• [The problem] Please copy exactly the lines that run from the start of the entries to the line containing "assert (Hb : Rabs", inclusive.
——————
(* A large weight on the coordinate [j] makes every [v_s] with [j <= s] nonzero. *)
Lemma exists_generic_point n a j ss : (1 <= j <= n)%nat -> a j <> 0 ->
  (forall s, In s ss -> (j <= s <= n)%nat) ->
  exists e, nonvanishing_set n (map ebasis (seq 1 n) ++ map (cut a) ss) e.
Proof.
  intros Hj Ha Hss.
  set (A := sumR n (fun i => Rabs (a i))).
  assert (HA : 0 <= A) by (apply sumR_nonneg; intros; apply Rabs_pos).
  assert (Hpa : 0 < Rabs (a j)) by (apply Rabs_pos_lt; auto).
  set (K := (A + 1) / Rabs (a j)).
  assert (HK : 0 <= K) by (apply Rle_mult_inv_pos; lra).
  exists (fun i => 1 + K * ebasis j i). intros c Hc.
  apply in_app_or in Hc as [Hc | Hc]; apply in_map_iff in Hc as [i [<- Hi]].
  - apply in_seq in Hi. rewrite lin_ebasis by lia.
    unfold ebasis. destruct (i =? j)%nat; nra.
  - apply Hss in Hi.
    assert (E : lin n (cut a i) (fun i => 1 + K * ebasis j i)
                = sumR n (cut a i) + K * a j).
    { unfold lin.
      rewrite (sumR_ext n _ (fun k => 1 * cut a i k + K * (ebasis j k * cut a i k)))
        by (intros; ring).
      rewrite sumR_lin. fold (lin n (ebasis j) (cut a i)). rewrite lin_ebasis by lia.
      unfold cut. replace (j <=? i)%nat with true by (symmetry; apply Nat.leb_le; lia). ring. }
    rewrite E.
    assert (Hb : Rabs (sumR n (cut a i)) <= A).
    { apply sumR_abs_le. intros k Hk. unfold cut.
      destruct (k <=? i)%nat; [lra | rewrite Rabs_R0; apply Rabs_pos]. }
    assert (HKa : Rabs (K * a j) = A + 1).
    { rewrite Rabs_mult, (Rabs_right K) by lra. unfold K. field. lra. }
    intros Hz. replace (K * a j) with (- sumR n (cut a i)) in HKa by lra.
    rewrite Rabs_Ropp in HKa. lra.
Qed.

Lemma pfamily_functionally_independent N a lam j : (lam + 1 <= N)%nat ->
  (1 <= j <= 2 * (lam + 1))%nat -> a j <> 0 ->
  functionally_independent (2 * N + 1) (pfamily (2 * N + 1) a lam).
Proof.
  intros Hlam Hj Ha.
  set (ts := seq (lam + 1) (N - lam)).
  set (forms := map ebasis (seq 1 (2 * N + 1)) ++ map (cut a) (map (fun t => 2 * t)%nat ts)).
  exists (nonvanishing_set (2 * N + 1) forms).
  split; [apply open_nonvanishing | split].
  - destruct (exists_generic_point (2 * N + 1) a j (map (fun t => 2 * t)%nat ts)) as [e He];
      [lia | exact Ha | |].
    + intros s Hs. apply in_map_iff in Hs as [t [<- Ht]]. apply in_seq in Ht. lia.
    + exact (dense_nonvanishing _ _ e He).
  - intros x Hx. apply pfamily_diffs_independent; [exact Hlam | |].
    + intros i Hi. rewrite <- (lin_ebasis (2 * N + 1) i x) by exact Hi.
      apply Hx, in_or_app. left. apply in_map, in_seq. lia.
    + intros t Ht. rewrite <- (lin_cut (2 * N + 1) a (2 * t) x) by lia.
      apply Hx, in_or_app. right. apply in_map, (in_map (fun t => 2 * t)%nat), in_seq. lia.
Qed.

Lemma vfun_eq0 a x l s : (forall i, (1 <= i <= l)%nat -> a i = 0) -> (s <= l)%nat ->
  vfun a s x = 0.
Proof. intros Hz Hs. apply sumR_eq0. intros i Hi. rewrite Hz by lia. ring. Qed.

Theorem theorem2p4 (n : nat) (a : nat -> R) (l : nat) :
  Nat.odd n = true ->
  (l + 1 <= n)%nat ->
  (forall i, (1 <= i <= l)%nat -> a i = 0) ->
  a (l + 1)%nat <> 0 ->
  (l + 2 <= n)%nat ->
  let lam := (l / 2)%nat in
  let fs := pfamily n a lam in
  length fs = ((n + 1) / 2)%nat /\
  (forall f g, In f fs -> In g fs -> in_involution n f g) /\
  functionally_independent n fs.
Proof.
  intros Hodd Hln Hz Ha Hl2n lam fs.
  apply Nat.odd_spec in Hodd as [N ->].
  assert (Hlam : (2 * lam <= l <= 2 * lam + 1)%nat).
  { pose proof (Nat.div_mod l 2 ltac:(lia)). pose proof (Nat.mod_upper_bound l 2 ltac:(lia)).
    unfold lam. lia. }
  assert (HlamN : (lam + 1 <= N)%nat) by lia.
  split; [| split].
  - unfold fs. rewrite pfamily_length by exact HlamN. symmetry. apply div2_double. lia.
  - apply pfamily_involution; [| exact HlamN]. intros x s Hs. apply (vfun_eq0 a x l); [exact Hz | lia].
  - apply (pfamily_functionally_independent N a lam (l + 1)); [exact HlamN | lia | exact Ha].
Qed.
——————
• [Expected answer]
(* A large weight on the coordinate [j] makes every [v_s] with [j <= s] nonzero. *)
Lemma exists_generic_point n a j ss : (1 <= j <= n)%nat -> a j <> 0 ->
  (forall s, In s ss -> (j <= s <= n)%nat) ->
  exists e, nonvanishing_set n (map ebasis (seq 1 n) ++ map (cut a) ss) e.
Proof.
  intros Hj Ha Hss.
  set (A := sumR n (fun i => Rabs (a i))).
  assert (HA : 0 <= A) by (apply sumR_nonneg; intros; apply Rabs_pos).
  assert (Hpa : 0 < Rabs (a j)) by (apply Rabs_pos_lt; auto).
  set (K := (A + 1) / Rabs (a j)).
  assert (HK : 0 <= K) by (apply Rle_mult_inv_pos; lra).
  exists (fun i => 1 + K * ebasis j i). intros c Hc.
  apply in_app_or in Hc as [Hc | Hc]; apply in_map_iff in Hc as [i [<- Hi]].
  - apply in_seq in Hi. rewrite lin_ebasis by lia.
    unfold ebasis. destruct (i =? j)%nat; nra.
  - apply Hss in Hi.
    assert (E : lin n (cut a i) (fun i => 1 + K * ebasis j i)
                = sumR n (cut a i) + K * a j).
    { unfold lin.
      rewrite (sumR_ext n _ (fun k => 1 * cut a i k + K * (ebasis j k * cut a i k)))
        by (intros; ring).
      rewrite sumR_lin. fold (lin n (ebasis j) (cut a i)). rewrite lin_ebasis by lia.
      unfold cut. replace (j <=? i)%nat with true by (symmetry; apply Nat.leb_le; lia). ring. }
    rewrite E.
    assert (Hb : Rabs (sumR n (cut a i)) <= A).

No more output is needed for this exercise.